Affleck directed Argo. He knows what it’s like to sit in an editing bay at 2 AM trying to fix a lighting issue that would require an expensive reshoot. He knows the pain of discovering a critical shot is slightly off-frame. He understands that post-production is where films are truly made — and where budgets get destroyed.
Kimberly Owczarski, associate professor at Texas Christian University, told NPR that Affleck’s status as star, filmmaker, and producer “gives substantial weight as he promotes a responsible use of AI in filmmaking.” In an industry where AI adoption hinges on whether creatives feel safe using it, that credibility is currency.
Affleck started this in 2022 — before ChatGPT, before every tech bro became an AI founder. Years in stealth mode, building from actual production needs rather than demo-reel spectacle. That’s conviction, not opportunism.
And IATSE, the main union for Hollywood’s technical workers, declined to comment. In today’s Hollywood AI climate, silence practically counts as a ringing endorsement.
The Data Moat Nobody’s Talking About
Every Netflix production using InterPositive will feed footage into models that understand cinematic language at increasingly sophisticated levels. Over time, Netflix builds an unmatched proprietary understanding of visual storytelling — a competitive moat that’s almost impossible to replicate.
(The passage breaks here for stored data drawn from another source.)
(* Let $d\ge2$. For any matrix $X\in\mathbb{C}^{d^2\times d^2}$ (acting on $\mathbb{C}^d\otimes\mathbb{C}^d$), $$\sum_{\mathbf{a}\in\{0,\dots,d-1\}^2} (W_\mathbf{a}\otimes W_\mathbf{a})\,X\,(W_\mathbf{a}\otimes W_\mathbf{a})^\dagger = \sum_{\mathbf{a}\in\{0,\dots,d-1\}^2} \operatorname{tr}\!\big(X\,(W_\mathbf{a}^\dagger\otimes W_\mathbf{a})\big)\, W_\mathbf{a}\otimes W_\mathbf{a}^\dagger.$$
   Context: $\{|i\rangle\}_{i=0}^{d-1}$ is the standard basis of $\mathbb{C}^d$, indices mod $d$. Let $\tau=\exp(2\pi i\frac{d+1}{2d})$, $\omega=\tau^2=\exp(2\pi i/d)$, $S=\sum_{i=0}^{d-1}|i+1\rangle\langle i|$, $C=\sum_{i=0}^{d-1}\omega^i|i\rangle\langle i|$, and for $\mathbf{a}=(a_1,a_2)\in\mathbb{Z}^2$ let $W_\mathbf{a}=\tau^{a_1a_2}S^{a_1}C^{a_2}$. *)

From HB Require Import structures.
From mathcomp Require Import all_boot all_order all_algebra.
From mathcomp Require Import reals trigo.
From mathcomp.real_closed Require Import complex mxtens.
Set Implicit Arguments. Unset Strict Implicit. Unset Printing Implicit Defensive.
Import Order.TTheory GRing.Theory Num.Theory.
Local Open Scope ring_scope.
Local Open Scope complex_scope.

Section Weyl.
Variable R : realType.
Variable d : nat.

Definition theta : R := 2 * pi * ((d + 1)%:R / (2 * d)%:R).
Definition tau : R[i] := cos theta +i* sin theta.
Definition omega : R[i] := tau ^+ 2.

Definition shift : 'M[R[i]]_d := \matrix_(i, j) ((val i == (val j + 1) %% d)%N)%:R.
Definition clock : 'M[R[i]]_d := \matrix_(i, j) ((i == j)%:R * omega ^+ val i).

(* matrix power (d is not syntactically a successor) *)
Definition mxpow (A : 'M[R[i]]_d) (k : nat) : 'M[R[i]]_d := iter k (mulmx A) 1%:M.

Definition weyl (a1 a2 : nat) : 'M[R[i]]_d :=
  tau ^+ (a1 * a2) *: (mxpow shift a1 *m mxpow clock a2).
End Weyl.

Definition adj (R : realType) m n (A : 'M[R[i]]_(m, n)) : 'M[R[i]]_(n, m) :=
  map_mx (@conjc R) A^T.

From HB Require Import structures.
From mathcomp Require Import all_boot all_order all_algebra.
From mathcomp Require Import reals trigo.
From mathcomp.real_closed Require Import complex mxtens.
From mathcomp Require Import ring lra.
Import Order.TTheory GRing.Theory Num.Theory.
Local Open Scope ring_scope.

(* Every Weyl matrix is monomial: W_a e_j = tau^(a1 a2) omega^(a2 j) e_(j + a1).
   Hence both sides can be computed entrywise.  In the entry indexed by
   ((i1, i2), (k1, k2)) the phases of the four factors combine, because
   |tau| = 1, into omega^(a2 c) for a linear form c of the indices, and
   summing over a2 with omega a primitive d-th root of unity (orthogonality
   of the characters of Z/d) leaves, on both sides,
   d [k2 = i2 + i1 - k1] sum_b X_((i1 - b, i2 - b), (k1 - b, k2 - b)). *)

Section Expi.
Context {R : realType}.
Local Open Scope complex_scope.

Definition expi (x : R) : R[i] := cos x +i* sin x.

Lemma expi0 : expi 0 = 1.
Proof. by rewrite /expi cos0 sin0. Qed.

Lemma expiD x y : expi (x + y) = expi x * expi y.
Proof. by rewrite /expi cosD sinD /=; congr (_ +i* _); ring. Qed.

Lemma expiMn x k : expi (x *+ k) = expi x ^+ k.
Proof. by elim: k => [|k IHk]; rewrite ?mulr0n ?expi0 // mulrS expiD IHk exprS. Qed.

Lemma expi2pi : expi (pi *+ 2) = 1.
Proof. by rewrite /expi cos2pi sin2pi. Qed.

Lemma conjc_expi x : conjc (expi x) = expi (- x).
Proof. by rewrite /expi cosN sinN. Qed.

Lemma mul_conjc_expi x : conjc (expi x) * expi x = 1.
Proof. by rewrite conjc_expi -expiD addNr expi0. Qed.

Lemma expi_mulr2n_neq1 y : 0 < y < pi -> expi (y *+ 2) != 1.
Proof.
move=> /sin_gt0_pi sin_y_gt0.
rewrite /expi eq_complex /= negb_and cos_mulr2n cos2sin2; apply/orP; left.
by apply/eqP => cos_eq1; nra.
Qed.

End Expi.

Lemma sum_prim_rootX {K : idomainType} {n : nat} {z : K} (k : nat) :
  n.-primitive_root z -> \sum_(i < n) (z ^+ k) ^+ i = (n %| k)%N%:R * n%:R.
Proof.
move=> prim_z; have [n_dvd_k | n_ndvd_k] := boolP (n %| k)%N.
  rewrite mul1r; move: n_dvd_k; rewrite (prim_order_dvd prim_z) => /eqP ->.
  by rewrite (eq_bigr (fun=> 1)) ?sumr_const ?card_ord // => i _; rewrite expr1n.
rewrite mul0r; apply/eqP.
have : (z ^+ k - 1) * \sum_(i < n) (z ^+ k) ^+ i = 0.
  by rewrite -subrX1 exprAC (prim_expr_order prim_z) expr1n subrr.
by move/eqP; rewrite mulf_eq0 subr_eq0 -(prim_order_dvd prim_z) (negbTE n_ndvd_k).
Qed.

Section WeylPhases.
Context (R : realType) {m : nat}.
Local Notation d := m.+1.
Local Notation tau := (tau R d).
Local Notation omega := (omega R d).

Lemma thetaE : theta R d = pi + pi / d%:R.
Proof. by rewrite /theta natrD natrM; field; rewrite addrC natr1 pnatr_eq0. Qed.

Lemma omega_expi : omega = expi ((pi / d%:R) *+ 2).
Proof. by rewrite /omega /tau -expiMn thetaE mulrnDl expiD expi2pi mul1r. Qed.

Lemma omega_prim_root : d.-primitive_root omega.
Proof.
have d_gt0 : 0 < d%:R :> R by rewrite ltr0n.
have omega_d : omega ^+ d = 1.
  have pi_d : pi / d%:R *+ d = pi :> R by rewrite -[_ *+ d]mulr_natr mulfVK ?gt_eqF.
  by rewrite omega_expi -expiMn -mulrnA mulnC mulrnA pi_d expi2pi.
have [k prim_k k_dvd_d] := prim_order_exists (ltn0Sn m) omega_d.
suff k_eq_d : k = d by move: prim_k; rewrite k_eq_d.
apply/eqP; rewrite eqn_leq dvdn_leq //= leqNgt; apply/negP => k_lt_d.
have := prim_expr_order prim_k; apply/eqP.
rewrite omega_expi -expiMn -mulrnA mulnC mulrnA; apply: expi_mulr2n_neq1.
rewrite -[_ *+ k]mulr_natr mulr_gt0 ?divr_gt0 ?pi_gt0 ?ltr0n ?(prim_order_gt0 prim_k) //=.
by rewrite mulrAC ltr_pdivrMr // ltr_pM2l ?pi_gt0 // ltr_nat.
Qed.

Lemma mul_conjc_tauX k : conjc (tau ^+ k) * tau ^+ k = 1.
Proof. by rewrite rmorphXn -exprMn mul_conjc_expi expr1n. Qed.

Definition chi (x : 'I_d) : R[i] := omega ^+ x.

Lemma chi0 : chi 0 = 1.
Proof. by rewrite /chi expr0. Qed.

Lemma chiD x y : chi (x + y) = chi x * chi y.
Proof. by rewrite /chi /= (prim_expr_mod omega_prim_root) exprD. Qed.

Lemma conjc_chi x : conjc (chi x) = chi (- x).
Proof.
have chi_unit : conjc (chi x) * chi x = 1.
  by rewrite /chi rmorphXn -exprMn mul_conjc_tauX expr1n.
by rewrite -[LHS]mulr1 -chi0 -(subrr x) chiD mulrA chi_unit mul1r.
Qed.

Lemma sum_chiX x : \sum_(a < d) chi x ^+ a = (x == 0)%:R * d%:R.
Proof. by rewrite /chi (sum_prim_rootX x omega_prim_root) /dvdn modn_small. Qed.

End WeylPhases.

Lemma sum_mxtens_index (V : nmodType) p q (F : 'I_(p * q) -> V) :
  \sum_j F j = \sum_(j1 < p) \sum_(j2 < q) F (mxtens_index (j1, j2)).
Proof.
rewrite pair_big /= (reindex (@mxtens_index p q)) /=; first by apply: eq_bigr => -[].
by exists (@mxtens_unindex p q) => x _; rewrite (mxtens_indexK, mxtens_unindexK).
Qed.

Lemma sumr_indicator {I : finType} {K : pzSemiRingType} (c : I) (F : I -> K) :
  \sum_i (i == c)%:R * F i = F c.
Proof.
by rewrite (bigD1 c) //= eqxx mul1r big1 ?addr0 // => i /negbTE ->; rewrite mul0r.
Qed.

Lemma sumr_indicator_shift (K : pzSemiRingType) m (i s : 'I_m.+1) (F : 'I_m.+1 -> K) :
  \sum_j (i == j + s)%:R * F j = F (i - s).
Proof.
by rewrite -(sumr_indicator (i - s)); apply: eq_bigr => j _; rewrite [j == _]eq_sym subr_eq.
Qed.

Section MonomialMatrix.
Context {K : comPzRingType} {m : nat}.
Local Notation d := m.+1.
Local Notation idx := (@mxtens_index d d).

Definition monomx (s : 'I_d) (f : 'I_d -> K) : 'M[K]_d :=
  \matrix_(i, j) ((i == j + s)%:R * f j).

Lemma mul_monomx s t f g :
  monomx s f *m monomx t g = monomx (s + t) (fun j => f (j + t) * g j).
Proof.
apply/matrixP => i j; rewrite !mxE.
under eq_bigr do rewrite !mxE mulrCA.
by rewrite sumr_indicator mulrA [s + t]addrC addrA.
Qed.

Lemma scale_monomx c s f : c *: monomx s f = monomx s (fun j => c * f j).
Proof. by apply/matrixP => i j; rewrite !mxE mulrCA. Qed.

Lemma mul_tens_monomx s t f g p (Y : 'M[K]_(d * d, p)) i1 i2 l :
  ((monomx s f *t monomx t g) *m Y) (idx (i1, i2)) l
  = f (i1 - s) * g (i2 - t) * Y (idx (i1 - s, i2 - t)) l.
Proof.
rewrite mxE sum_mxtens_index.
have reorder (a b x y z : K) : a * x * (b * y) * z = a * (b * (x * y * z)) by ring.
under eq_bigr do under eq_bigr do rewrite tensmxE !mxE reorder.
under eq_bigr do rewrite -mulr_sumr sumr_indicator_shift.
by rewrite sumr_indicator_shift.
Qed.

Lemma mulmx_tens_monomx s t f g p (Y : 'M[K]_(p, d * d)) l k1 k2 :
  (Y *m (monomx s f *t monomx t g)) l (idx (k1, k2))
  = Y l (idx (k1 + s, k2 + t)) * (f k1 * g k2).
Proof.
rewrite mxE sum_mxtens_index.
have reorder (a b x y z : K) : z * (a * x * (b * y)) = a * (b * (z * (x * y))) by ring.
under eq_bigr do under eq_bigr do rewrite tensmxE !mxE reorder.
under eq_bigr do rewrite -mulr_sumr sumr_indicator.
by rewrite sumr_indicator.
Qed.

End MonomialMatrix.

Section Adjoint.
Variable R : realType.

Lemma adjE m n (A : 'M[R[i]]_(m, n)) i j : adj A i j = conjc (A j i).
Proof. by rewrite !mxE. Qed.

Lemma adj_tensmx m n p q (A : 'M[R[i]]_(m, n)) (B : 'M[R[i]]_(p, q)) :
  adj (A *t B) = adj A *t adj B.
Proof. by rewrite /adj trmx_tens map_mxT. Qed.

Lemma adj_monomx k (s : 'I_k.+1) (f : 'I_k.+1 -> R[i]) :
  adj (monomx s f) = monomx (- s) (fun j => conjc (f (j - s))).
Proof.
apply/matrixP => i j; rewrite !mxE rmorphM rmorph_nat [i == _]eq_sym subr_eq.
by case: eqP => [->|_]; rewrite ?addrK // !mul0r.
Qed.

End Adjoint.

Section WeylMonomial.
Context (R : realType) {m : nat}.
Local Notation d := m.+1.

Definition weyl_weight (a1 a2 : nat) (j : 'I_d) : R[i] :=
  tau R d ^+ (a1 * a2) * chi R j ^+ a2.

Lemma shift_monomx : shift R d = monomx (inZp 1) (fun _ => 1).
Proof. by apply/matrixP => i j; rewrite !mxE mulr1 -val_eqE /= modnDmr. Qed.

Lemma clock_monomx : clock R d = monomx 0 (chi R).
Proof.
apply/matrixP => i j; rewrite !mxE addr0.
by case: eqP => [->|_]; rewrite ?mul0r.
Qed.

Lemma mxpow_shift k : mxpow (shift R d) k = monomx (inZp k) (fun _ => 1).
Proof.
elim: k => [|k IHk].
  have inZp0 : inZp 0 = 0 :> 'I_d by apply: val_inj.
  by apply/matrixP => i j; rewrite !mxE mulr1 inZp0 addr0.
rewrite /mxpow iterS -/(mxpow _ _) IHk shift_monomx mul_monomx.
have -> : inZp 1 + inZp k = inZp k.+1 :> 'I_d.
  by apply: val_inj; rewrite /= modnDm add1n.
by apply/matrixP => i j; rewrite !mxE mulr1.
Qed.

Lemma mxpow_clock k : mxpow (clock R d) k = monomx 0 (fun j => chi R j ^+ k).
Proof.
elim: k => [|k IHk]; first by apply/matrixP => i j; rewrite !mxE addr0 expr0 mulr1.
rewrite /mxpow iterS -/(mxpow _ _) IHk clock_monomx mul_monomx addr0.
by apply/matrixP => i j; rewrite !mxE addr0 exprS.
Qed.

Lemma weyl_monomx (a1 a2 : 'I_d) : weyl R d a1 a2 = monomx a1 (weyl_weight a1 a2).
Proof.
rewrite /weyl mxpow_shift mxpow_clock mul_monomx scale_monomx valZpK addr0.
by apply/matrixP => i j; rewrite !mxE mul1r.
Qed.

Lemma weyl_weight_conjM a1 a2 x y z w :
  weyl_weight a1 a2 x * weyl_weight a1 a2 y
    * (conjc (weyl_weight a1 a2 z) * conjc (weyl_weight a1 a2 w))
  = chi R (x + y - z - w) ^+ a2.
Proof.
rewrite /weyl_weight !rmorphM !(rmorphXn _ a2) /= !conjc_chi.
set t := tau R d ^+ (a1 * a2).
transitivity ((conjc t * t) * (conjc t * t)
  * (chi R x * chi R y * chi R (- z) * chi R (- w)) ^+ a2).
  by rewrite !exprMn; ring.
by rewrite mul_conjc_tauX !mul1r -!chiD.
Qed.

End WeylMonomial.

Section WeylEntries.
Variables (R : realType) (n : nat).
(* With [d = n.+2], ['I_d] is a commutative ring, so index identities close by [ring]. *)
Local Notation d := n.+2.
Local Notation idx := (@mxtens_index d d).
Variable X : 'M[R[i]]_(d * d).
Variables i1 i2 k1 k2 : 'I_d.

Section FixedWeyl.
Variables a1 a2 : 'I_d.
Local Notation W := (weyl R d a1 a2).

Lemma twirl_term_entry :
  ((W *t W) *m X *m adj (W *t W)) (idx (i1, i2)) (idx (k1, k2))
  = chi R (i1 + i2 - k1 - k2) ^+ a2 * X (idx (i1 - a1, i2 - a1)) (idx (k1 - a1, k2 - a1)).
Proof.
rewrite weyl_monomx adj_tensmx adj_monomx mulmx_tens_monomx mul_tens_monomx.
by rewrite mulrAC weyl_weight_conjM; congr (chi R _ ^+ _ * _); ring.
Qed.

Lemma expansion_term_entry :
  \tr (X *m (adj W *t W)) * (W *t adj W) (idx (i1, i2)) (idx (k1, k2))
  = (i1 == k1 + a1)%:R * (k2 == i2 + a1)%:R * \sum_(j1 < d) \sum_(j2 < d)
      chi R (j2 + k1 - (j1 - a1) - i2) ^+ a2 * X (idx (j1, j2)) (idx (j1 - a1, j2 + a1)).
Proof.
rewrite tensmxE adjE weyl_monomx !mxE rmorphM rmorph_nat /=.
rewrite adj_monomx /mxtrace sum_mxtens_index mulr_suml mulr_sumr.
apply: eq_bigr => j1 _; rewrite mulr_suml mulr_sumr; apply: eq_bigr => j2 _.
by rewrite mulmx_tens_monomx -(weyl_weight_conjM R a1 a2 j2 k1 (j1 - a1) i2); ring.
Qed.

End FixedWeyl.

Lemma twirl_entry :
  (\sum_(a1 < d) \sum_(a2 < d)
     (weyl R d a1 a2 *t weyl R d a1 a2) *m X *m adj (weyl R d a1 a2 *t weyl R d a1 a2))
    (idx (i1, i2)) (idx (k1, k2))
  = (k2 == i2 + (i1 - k1))%:R * d%:R
      * \sum_(b < d) X (idx (i1 - b, i2 - b)) (idx (k1 - b, k2 - b)).
Proof.
rewrite summxE; under eq_bigr do rewrite summxE.
under eq_bigr do under eq_bigr do rewrite twirl_term_entry.
under eq_bigr do rewrite -mulr_suml sum_chiX.
have -> : (i1 + i2 - k1 - k2 == 0) = (k2 == i2 + (i1 - k1)).
  by rewrite subr_eq0 eq_sym; congr (_ == _); ring.
by rewrite mulr_sumr.
Qed.

Lemma expansion_entry :
  (\sum_(a1 < d) \sum_(a2 < d)
     \tr (X *m (adj (weyl R d a1 a2) *t weyl R d a1 a2))
       *: (weyl R d a1 a2 *t adj (weyl R d a1 a2)))
    (idx (i1, i2)) (idx (k1, k2))
  = (k2 == i2 + (i1 - k1))%:R * d%:R
      * \sum_(b < d) X (idx (i1 - b, i2 - b)) (idx (k1 - b, k2 - b)).
Proof.
rewrite summxE; under eq_bigr do rewrite summxE.
under eq_bigr do under eq_bigr do rewrite mxE expansion_term_entry.
under eq_bigr do rewrite -mulr_sumr -mulrA [k1 + _]addrC.
rewrite sumr_indicator_shift; case: eqP => [->|_]; last by rewrite !mul0r.
rewrite !mul1r exchange_big /=; under eq_bigr do rewrite exchange_big /=.
have phase_eq0 j1 j2 : (j2 + k1 - (j1 - (i1 - k1)) - i2 == 0) = (j2 == j1 - i1 + i2).
  by rewrite -[RHS]subr_eq0; congr (_ == 0); ring.
under eq_bigr do under eq_bigr do rewrite -mulr_suml sum_chiX phase_eq0 -mulrA.
under eq_bigr do rewrite sumr_indicator.
have subr_inj : injective (fun b : 'I_d => i1 - b) by move=> b c /addrI /oppr_inj.
rewrite mulr_sumr (reindex_inj subr_inj) /=; apply: eq_bigr => b _.
by congr (_ * X (idx (_, _)) (idx (_, _))); ring.
Qed.

End WeylEntries.

Theorem lemma5 (R : realType) (d : nat) (hd : (2 <= d)%N) (X : 'M[R[i]]_(d * d)) :
  \sum_(a1 < d) \sum_(a2 < d)
     (tensmx (weyl R d a1 a2) (weyl R d a1 a2)) *m X
       *m adj (tensmx (weyl R d a1 a2) (weyl R d a1 a2))
  = \sum_(a1 < d) \sum_(a2 < d)
     \tr (X *m tensmx (adj (weyl R d a1 a2)) (weyl R d a1 a2))
       *: tensmx (weyl R d a1 a2) (adj (weyl R d a1 a2)).
Proof.
case: d hd X => [|[|n]] // _ X.
apply/matrixP => p q.
case: (mxtens_indexP p) => i1 i2; case: (mxtens_indexP q) => k1 k2.
by rewrite twirl_entry expansion_entry.
Qed.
Stone explicitly stated Netflix won’t sell InterPositive’s technology commercially. In-house only, available to Netflix creative partners. That’s a powerful recruiting tool in an industry where talent follows resources.
The Honest Skeptic’s Take
Post-production employs thousands of VFX artists, colorists, editors, and technical specialists. If AI can automatically reframe shots, adjust lighting, and remove wires, some of those jobs will be affected — regardless of how many times Netflix says “human-centered.”
InterPositive probably will reduce the need for certain technical roles over time. But it may also unlock productions that wouldn’t otherwise exist — indie filmmakers accessing Hollywood-level post-production polish without the budget. The net employment effect is genuinely unclear.
What IS clear: the “filmmaker as AI founder” model beats Silicon Valley’s “disrupt first, apologize later” playbook. When the people building the tools are the same people who’ll use them, you get technology that augments rather than obliterates.
The Bottom Line
This isn’t the biggest AI deal of the year in dollar terms. But it might be the most symbolically important one for entertainment. It represents a credible path for AI adoption that doesn’t require Hollywood to burn itself down first.
Affleck went from being “really scared” of AI to building a company Netflix wanted badly enough to break its build-don’t-buy philosophy. That journey — from fear to informed engagement — is probably the healthiest relationship any creative industry can have with this technology.
The question is whether Netflix’s “empower, don’t replace” philosophy survives contact with quarterly earnings pressure. History suggests that when efficiency tools meet profit motives, the “human-centered” language gets quiet fast.
But for now? This is what responsible AI adoption in entertainment looks like. Hollywood is watching.